== Entries provided
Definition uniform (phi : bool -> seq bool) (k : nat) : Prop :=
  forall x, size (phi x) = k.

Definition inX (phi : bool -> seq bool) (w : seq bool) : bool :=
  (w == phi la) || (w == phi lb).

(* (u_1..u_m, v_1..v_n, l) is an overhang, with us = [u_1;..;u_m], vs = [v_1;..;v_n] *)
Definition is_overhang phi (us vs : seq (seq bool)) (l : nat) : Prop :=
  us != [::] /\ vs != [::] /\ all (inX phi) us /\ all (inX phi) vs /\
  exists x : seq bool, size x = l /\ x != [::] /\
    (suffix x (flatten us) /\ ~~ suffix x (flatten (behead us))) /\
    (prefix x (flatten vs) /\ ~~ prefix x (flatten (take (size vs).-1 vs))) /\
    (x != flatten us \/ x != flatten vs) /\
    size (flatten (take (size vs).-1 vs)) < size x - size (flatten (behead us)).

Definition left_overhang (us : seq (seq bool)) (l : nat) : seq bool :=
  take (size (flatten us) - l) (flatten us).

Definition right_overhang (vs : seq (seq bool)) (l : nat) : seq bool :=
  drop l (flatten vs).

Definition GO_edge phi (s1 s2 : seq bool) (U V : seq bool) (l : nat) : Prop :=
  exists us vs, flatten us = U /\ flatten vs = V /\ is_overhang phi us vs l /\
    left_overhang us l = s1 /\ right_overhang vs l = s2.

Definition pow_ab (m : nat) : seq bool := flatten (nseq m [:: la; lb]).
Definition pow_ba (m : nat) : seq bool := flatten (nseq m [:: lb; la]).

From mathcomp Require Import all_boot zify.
====
== Entries provided
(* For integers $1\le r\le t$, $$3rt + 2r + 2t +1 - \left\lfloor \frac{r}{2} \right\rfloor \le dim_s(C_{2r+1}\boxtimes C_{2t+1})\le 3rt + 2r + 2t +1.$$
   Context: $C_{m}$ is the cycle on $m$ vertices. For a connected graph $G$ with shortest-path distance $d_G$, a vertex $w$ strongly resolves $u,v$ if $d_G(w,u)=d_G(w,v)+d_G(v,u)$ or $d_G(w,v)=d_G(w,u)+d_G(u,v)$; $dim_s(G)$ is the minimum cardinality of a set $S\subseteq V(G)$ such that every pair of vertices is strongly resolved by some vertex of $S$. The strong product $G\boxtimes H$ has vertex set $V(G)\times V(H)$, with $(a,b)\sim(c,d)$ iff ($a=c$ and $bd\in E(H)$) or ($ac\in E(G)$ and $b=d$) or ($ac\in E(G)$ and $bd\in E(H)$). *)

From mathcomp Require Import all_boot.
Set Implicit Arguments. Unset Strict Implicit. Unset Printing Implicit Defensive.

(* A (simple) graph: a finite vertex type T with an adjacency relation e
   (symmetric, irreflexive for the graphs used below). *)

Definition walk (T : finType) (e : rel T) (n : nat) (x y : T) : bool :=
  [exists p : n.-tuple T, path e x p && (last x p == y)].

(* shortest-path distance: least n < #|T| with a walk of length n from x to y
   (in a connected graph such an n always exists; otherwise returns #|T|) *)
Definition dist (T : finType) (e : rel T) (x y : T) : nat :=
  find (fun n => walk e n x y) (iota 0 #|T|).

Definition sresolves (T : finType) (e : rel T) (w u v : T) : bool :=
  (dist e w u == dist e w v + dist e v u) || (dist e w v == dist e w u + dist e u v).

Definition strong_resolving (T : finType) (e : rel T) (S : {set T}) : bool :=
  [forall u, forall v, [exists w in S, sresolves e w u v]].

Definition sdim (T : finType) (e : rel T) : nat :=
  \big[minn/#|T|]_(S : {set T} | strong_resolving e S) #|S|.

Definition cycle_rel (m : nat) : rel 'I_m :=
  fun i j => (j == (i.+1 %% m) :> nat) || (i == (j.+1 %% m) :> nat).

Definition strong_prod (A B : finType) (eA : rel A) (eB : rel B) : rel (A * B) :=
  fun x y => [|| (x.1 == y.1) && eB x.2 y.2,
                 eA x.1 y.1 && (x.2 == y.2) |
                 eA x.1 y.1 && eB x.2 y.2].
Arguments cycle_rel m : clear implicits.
====
== Entries provided
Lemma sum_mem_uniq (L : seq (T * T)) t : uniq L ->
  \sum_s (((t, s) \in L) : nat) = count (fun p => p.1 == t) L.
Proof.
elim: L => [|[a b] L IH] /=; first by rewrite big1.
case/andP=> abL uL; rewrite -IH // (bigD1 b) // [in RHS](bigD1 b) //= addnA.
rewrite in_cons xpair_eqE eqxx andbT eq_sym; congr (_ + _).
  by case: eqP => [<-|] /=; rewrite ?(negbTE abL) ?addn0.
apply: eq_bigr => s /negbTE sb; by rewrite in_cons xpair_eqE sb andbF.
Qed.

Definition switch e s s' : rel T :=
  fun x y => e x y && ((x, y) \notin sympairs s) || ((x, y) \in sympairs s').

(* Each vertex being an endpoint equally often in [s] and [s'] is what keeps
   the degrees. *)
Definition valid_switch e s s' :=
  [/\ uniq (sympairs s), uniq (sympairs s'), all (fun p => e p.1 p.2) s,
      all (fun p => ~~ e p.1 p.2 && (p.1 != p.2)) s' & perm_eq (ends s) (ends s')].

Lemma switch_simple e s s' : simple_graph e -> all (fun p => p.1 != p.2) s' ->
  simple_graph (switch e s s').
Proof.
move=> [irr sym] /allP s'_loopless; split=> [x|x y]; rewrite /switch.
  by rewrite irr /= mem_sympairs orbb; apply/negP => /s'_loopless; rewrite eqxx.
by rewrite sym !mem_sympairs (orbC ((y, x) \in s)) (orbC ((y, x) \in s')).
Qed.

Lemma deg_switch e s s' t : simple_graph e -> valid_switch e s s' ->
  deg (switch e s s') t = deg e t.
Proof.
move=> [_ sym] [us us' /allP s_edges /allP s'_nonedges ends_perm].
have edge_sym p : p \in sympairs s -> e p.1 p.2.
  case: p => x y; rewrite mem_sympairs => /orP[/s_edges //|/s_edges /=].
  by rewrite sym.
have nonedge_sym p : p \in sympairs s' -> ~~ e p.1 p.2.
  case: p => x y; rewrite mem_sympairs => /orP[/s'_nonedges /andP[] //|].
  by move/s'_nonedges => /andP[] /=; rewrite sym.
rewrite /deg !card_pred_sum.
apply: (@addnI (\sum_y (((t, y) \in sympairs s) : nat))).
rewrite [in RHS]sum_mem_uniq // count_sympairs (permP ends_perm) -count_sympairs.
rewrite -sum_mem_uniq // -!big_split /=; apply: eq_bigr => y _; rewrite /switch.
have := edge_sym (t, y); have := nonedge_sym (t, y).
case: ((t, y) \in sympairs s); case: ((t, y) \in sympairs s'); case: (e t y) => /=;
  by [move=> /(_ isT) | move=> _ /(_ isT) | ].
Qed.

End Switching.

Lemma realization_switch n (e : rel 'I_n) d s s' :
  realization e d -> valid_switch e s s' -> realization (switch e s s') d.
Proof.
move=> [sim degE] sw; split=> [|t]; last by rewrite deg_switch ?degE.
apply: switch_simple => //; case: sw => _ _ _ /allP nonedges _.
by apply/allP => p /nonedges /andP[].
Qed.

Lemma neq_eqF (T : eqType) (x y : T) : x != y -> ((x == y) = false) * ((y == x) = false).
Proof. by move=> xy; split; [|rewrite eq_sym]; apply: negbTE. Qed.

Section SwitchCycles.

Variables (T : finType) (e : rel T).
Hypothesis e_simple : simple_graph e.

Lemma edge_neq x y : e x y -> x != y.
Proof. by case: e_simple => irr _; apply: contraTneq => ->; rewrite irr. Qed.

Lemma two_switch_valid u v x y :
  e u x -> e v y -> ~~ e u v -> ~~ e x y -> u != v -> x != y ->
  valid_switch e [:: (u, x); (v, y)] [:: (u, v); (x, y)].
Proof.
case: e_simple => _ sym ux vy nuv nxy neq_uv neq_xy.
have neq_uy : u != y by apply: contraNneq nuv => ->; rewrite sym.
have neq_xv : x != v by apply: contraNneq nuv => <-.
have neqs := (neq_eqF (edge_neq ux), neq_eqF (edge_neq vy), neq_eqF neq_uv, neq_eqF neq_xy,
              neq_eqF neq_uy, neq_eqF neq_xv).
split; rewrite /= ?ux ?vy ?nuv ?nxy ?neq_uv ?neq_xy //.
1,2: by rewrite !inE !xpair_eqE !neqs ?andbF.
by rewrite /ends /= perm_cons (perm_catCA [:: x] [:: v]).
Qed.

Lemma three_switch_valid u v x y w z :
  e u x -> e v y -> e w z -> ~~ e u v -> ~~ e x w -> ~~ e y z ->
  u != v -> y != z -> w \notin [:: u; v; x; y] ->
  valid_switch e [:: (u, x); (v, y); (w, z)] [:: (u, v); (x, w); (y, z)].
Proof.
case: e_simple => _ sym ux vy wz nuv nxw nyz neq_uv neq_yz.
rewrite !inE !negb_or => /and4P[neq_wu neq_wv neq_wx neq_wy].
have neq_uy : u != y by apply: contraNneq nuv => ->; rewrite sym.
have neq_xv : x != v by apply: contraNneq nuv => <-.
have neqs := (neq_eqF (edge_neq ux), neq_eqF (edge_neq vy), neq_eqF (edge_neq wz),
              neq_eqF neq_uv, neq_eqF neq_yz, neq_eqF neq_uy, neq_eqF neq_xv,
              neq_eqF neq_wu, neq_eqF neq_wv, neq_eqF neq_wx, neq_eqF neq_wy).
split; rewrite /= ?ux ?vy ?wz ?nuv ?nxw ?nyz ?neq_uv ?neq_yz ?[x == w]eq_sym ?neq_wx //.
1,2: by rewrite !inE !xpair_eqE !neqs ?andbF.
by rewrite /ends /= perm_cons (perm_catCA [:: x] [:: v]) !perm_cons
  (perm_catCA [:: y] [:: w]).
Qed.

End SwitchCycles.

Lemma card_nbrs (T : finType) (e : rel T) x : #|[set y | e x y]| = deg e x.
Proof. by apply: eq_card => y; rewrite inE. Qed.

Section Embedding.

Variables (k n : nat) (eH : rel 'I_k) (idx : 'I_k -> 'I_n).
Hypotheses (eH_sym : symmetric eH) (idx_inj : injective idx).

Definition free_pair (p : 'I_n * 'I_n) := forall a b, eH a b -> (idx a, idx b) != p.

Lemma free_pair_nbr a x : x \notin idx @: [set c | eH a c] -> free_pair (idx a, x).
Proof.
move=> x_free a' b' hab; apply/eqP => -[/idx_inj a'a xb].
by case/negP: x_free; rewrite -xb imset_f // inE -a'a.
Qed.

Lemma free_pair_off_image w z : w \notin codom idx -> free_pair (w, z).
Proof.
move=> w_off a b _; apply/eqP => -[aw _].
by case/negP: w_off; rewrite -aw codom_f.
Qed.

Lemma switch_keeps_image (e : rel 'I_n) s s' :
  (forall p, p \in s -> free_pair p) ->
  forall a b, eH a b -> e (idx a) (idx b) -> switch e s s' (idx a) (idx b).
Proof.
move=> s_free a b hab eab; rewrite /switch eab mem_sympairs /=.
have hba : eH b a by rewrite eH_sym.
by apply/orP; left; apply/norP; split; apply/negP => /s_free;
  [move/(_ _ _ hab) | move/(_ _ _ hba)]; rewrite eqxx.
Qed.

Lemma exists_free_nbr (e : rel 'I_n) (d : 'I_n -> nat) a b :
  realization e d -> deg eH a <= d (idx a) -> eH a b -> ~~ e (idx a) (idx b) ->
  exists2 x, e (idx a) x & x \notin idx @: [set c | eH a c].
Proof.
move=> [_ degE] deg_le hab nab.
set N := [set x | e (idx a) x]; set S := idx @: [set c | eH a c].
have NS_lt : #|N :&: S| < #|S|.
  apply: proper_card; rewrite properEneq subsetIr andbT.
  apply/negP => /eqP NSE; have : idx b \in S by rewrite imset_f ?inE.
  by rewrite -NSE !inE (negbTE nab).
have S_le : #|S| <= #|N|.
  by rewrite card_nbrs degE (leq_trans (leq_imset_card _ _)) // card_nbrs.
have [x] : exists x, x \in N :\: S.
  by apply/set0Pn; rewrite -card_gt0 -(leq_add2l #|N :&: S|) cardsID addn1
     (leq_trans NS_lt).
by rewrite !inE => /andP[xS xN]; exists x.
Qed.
====
Please show every line of the entries above that contains the word "SwitchCycles".

### Task answer
Section SwitchCycles.
End SwitchCycles.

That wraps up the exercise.